Dataset entries
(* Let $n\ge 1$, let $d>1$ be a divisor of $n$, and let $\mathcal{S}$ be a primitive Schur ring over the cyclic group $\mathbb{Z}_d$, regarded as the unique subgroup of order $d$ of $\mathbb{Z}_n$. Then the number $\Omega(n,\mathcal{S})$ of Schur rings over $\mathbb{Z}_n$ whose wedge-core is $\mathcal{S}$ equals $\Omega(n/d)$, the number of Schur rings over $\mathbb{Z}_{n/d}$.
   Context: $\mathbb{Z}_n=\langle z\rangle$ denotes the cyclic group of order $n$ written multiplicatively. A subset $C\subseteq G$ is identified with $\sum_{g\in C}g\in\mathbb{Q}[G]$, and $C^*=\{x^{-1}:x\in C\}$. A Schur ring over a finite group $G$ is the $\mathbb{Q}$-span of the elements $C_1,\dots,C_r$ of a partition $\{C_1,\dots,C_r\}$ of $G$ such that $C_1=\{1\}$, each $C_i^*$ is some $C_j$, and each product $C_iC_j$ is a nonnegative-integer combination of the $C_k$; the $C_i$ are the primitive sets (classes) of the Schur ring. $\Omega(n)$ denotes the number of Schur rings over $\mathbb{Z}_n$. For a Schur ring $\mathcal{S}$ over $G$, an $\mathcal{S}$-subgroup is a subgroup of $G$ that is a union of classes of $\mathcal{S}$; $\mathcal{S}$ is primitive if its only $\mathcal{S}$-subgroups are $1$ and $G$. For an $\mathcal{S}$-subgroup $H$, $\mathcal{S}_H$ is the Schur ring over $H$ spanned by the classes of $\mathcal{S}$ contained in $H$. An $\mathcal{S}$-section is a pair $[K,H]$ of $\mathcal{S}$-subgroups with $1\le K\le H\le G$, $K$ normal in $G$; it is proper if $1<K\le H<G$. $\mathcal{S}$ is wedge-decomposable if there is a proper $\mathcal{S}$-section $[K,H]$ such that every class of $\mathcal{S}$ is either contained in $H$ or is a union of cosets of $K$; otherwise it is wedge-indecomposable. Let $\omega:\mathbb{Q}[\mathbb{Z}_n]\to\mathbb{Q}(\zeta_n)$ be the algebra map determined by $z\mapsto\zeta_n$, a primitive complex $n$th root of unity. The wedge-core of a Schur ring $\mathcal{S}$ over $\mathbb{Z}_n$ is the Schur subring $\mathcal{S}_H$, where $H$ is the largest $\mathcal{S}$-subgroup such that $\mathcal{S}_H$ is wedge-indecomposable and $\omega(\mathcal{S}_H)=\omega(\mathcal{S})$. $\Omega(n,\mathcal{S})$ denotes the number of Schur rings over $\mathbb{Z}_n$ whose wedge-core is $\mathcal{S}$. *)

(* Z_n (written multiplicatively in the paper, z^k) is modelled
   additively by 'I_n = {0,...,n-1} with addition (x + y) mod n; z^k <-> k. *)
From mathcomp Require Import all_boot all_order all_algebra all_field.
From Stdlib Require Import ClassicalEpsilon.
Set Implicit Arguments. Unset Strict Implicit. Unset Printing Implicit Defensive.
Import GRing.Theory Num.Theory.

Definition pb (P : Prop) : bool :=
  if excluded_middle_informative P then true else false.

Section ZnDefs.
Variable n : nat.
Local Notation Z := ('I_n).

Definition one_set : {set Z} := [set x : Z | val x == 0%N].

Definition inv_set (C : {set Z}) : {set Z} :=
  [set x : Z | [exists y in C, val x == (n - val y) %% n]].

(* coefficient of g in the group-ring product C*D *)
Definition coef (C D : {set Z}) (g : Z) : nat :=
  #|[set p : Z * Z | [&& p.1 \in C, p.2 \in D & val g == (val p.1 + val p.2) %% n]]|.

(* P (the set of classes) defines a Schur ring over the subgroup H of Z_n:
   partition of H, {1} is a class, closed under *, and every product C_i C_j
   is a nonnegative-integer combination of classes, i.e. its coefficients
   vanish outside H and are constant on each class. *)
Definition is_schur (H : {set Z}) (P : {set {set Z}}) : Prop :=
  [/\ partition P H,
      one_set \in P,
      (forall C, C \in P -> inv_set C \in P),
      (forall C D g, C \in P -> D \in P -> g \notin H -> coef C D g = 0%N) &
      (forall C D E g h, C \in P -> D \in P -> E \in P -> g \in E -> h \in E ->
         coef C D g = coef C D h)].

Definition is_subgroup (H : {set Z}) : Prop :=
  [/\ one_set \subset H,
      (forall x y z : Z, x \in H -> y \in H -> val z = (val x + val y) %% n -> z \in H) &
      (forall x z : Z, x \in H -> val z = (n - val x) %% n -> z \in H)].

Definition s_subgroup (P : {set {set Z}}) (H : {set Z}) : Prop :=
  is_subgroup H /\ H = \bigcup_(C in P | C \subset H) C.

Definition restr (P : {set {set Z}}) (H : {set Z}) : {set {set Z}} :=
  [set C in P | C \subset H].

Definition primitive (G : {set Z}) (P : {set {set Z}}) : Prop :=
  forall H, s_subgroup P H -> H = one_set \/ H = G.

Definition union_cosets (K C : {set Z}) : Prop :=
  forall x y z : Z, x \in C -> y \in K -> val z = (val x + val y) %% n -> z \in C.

* * *

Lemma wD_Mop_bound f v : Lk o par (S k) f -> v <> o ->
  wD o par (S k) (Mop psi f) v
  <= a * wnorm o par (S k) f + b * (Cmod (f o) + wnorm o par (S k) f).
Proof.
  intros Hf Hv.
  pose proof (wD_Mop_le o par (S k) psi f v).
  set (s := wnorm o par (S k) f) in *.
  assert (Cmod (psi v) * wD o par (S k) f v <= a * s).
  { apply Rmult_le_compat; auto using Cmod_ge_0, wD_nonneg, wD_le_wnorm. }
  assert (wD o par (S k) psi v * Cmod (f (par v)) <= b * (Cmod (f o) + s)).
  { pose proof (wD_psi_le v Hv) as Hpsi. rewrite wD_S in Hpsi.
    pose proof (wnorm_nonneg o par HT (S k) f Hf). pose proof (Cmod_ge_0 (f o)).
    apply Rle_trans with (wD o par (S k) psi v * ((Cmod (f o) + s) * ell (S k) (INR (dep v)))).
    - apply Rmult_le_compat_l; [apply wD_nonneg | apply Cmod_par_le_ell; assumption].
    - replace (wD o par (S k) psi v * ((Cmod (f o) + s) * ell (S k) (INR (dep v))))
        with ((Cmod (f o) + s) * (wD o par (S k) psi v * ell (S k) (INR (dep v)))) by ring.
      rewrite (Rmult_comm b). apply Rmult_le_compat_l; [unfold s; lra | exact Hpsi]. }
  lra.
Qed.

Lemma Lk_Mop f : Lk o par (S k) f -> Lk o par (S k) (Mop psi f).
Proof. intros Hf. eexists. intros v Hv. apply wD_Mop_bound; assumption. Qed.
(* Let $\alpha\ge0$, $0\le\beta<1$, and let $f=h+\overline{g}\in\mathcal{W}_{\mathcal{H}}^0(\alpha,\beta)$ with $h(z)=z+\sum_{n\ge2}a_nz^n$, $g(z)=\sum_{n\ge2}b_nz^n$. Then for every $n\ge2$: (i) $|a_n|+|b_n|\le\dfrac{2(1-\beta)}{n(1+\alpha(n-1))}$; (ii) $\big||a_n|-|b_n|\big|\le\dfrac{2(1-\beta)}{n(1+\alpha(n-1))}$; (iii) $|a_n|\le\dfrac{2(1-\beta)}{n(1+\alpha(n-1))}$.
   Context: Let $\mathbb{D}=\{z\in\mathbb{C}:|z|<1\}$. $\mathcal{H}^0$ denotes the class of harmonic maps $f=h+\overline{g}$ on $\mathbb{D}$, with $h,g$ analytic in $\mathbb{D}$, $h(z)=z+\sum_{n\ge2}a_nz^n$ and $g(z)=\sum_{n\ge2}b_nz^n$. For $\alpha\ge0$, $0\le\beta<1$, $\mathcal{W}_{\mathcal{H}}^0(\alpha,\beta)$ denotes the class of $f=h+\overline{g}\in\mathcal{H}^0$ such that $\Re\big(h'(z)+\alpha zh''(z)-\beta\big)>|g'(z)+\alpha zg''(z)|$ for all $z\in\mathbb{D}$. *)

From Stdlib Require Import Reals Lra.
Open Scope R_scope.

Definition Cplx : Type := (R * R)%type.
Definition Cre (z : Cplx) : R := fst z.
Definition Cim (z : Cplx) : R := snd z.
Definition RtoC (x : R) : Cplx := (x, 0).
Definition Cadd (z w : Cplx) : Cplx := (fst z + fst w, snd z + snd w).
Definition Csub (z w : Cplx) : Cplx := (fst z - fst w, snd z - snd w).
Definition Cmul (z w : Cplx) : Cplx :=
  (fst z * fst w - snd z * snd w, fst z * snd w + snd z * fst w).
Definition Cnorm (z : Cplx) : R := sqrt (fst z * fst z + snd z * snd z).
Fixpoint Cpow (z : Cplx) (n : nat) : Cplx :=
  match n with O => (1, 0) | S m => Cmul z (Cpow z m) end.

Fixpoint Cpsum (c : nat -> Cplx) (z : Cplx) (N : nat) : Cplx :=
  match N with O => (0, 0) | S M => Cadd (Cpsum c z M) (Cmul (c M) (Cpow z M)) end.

__EXERCISE DETAILS__. Reproduce the entries above exactly, but only the lines between the line holding "is_subgroup H /\" and the line holding "forall x y z : Z, x \in C", inclusive.

__YOUR SOLUTION__.
  is_subgroup H /\ H = \bigcup_(C in P | C \subset H) C.

Definition restr (P : {set {set Z}}) (H : {set Z}) : {set {set Z}} :=
  [set C in P | C \subset H].

Definition primitive (G : {set Z}) (P : {set {set Z}}) : Prop :=
  forall H, s_subgroup P H -> H = one_set \/ H = G.

Definition union_cosets (K C : {set Z}) : Prop :=
  forall x y z : Z, x \in C -> y \in K -> val z = (val x + val y) %% n -> z \in C.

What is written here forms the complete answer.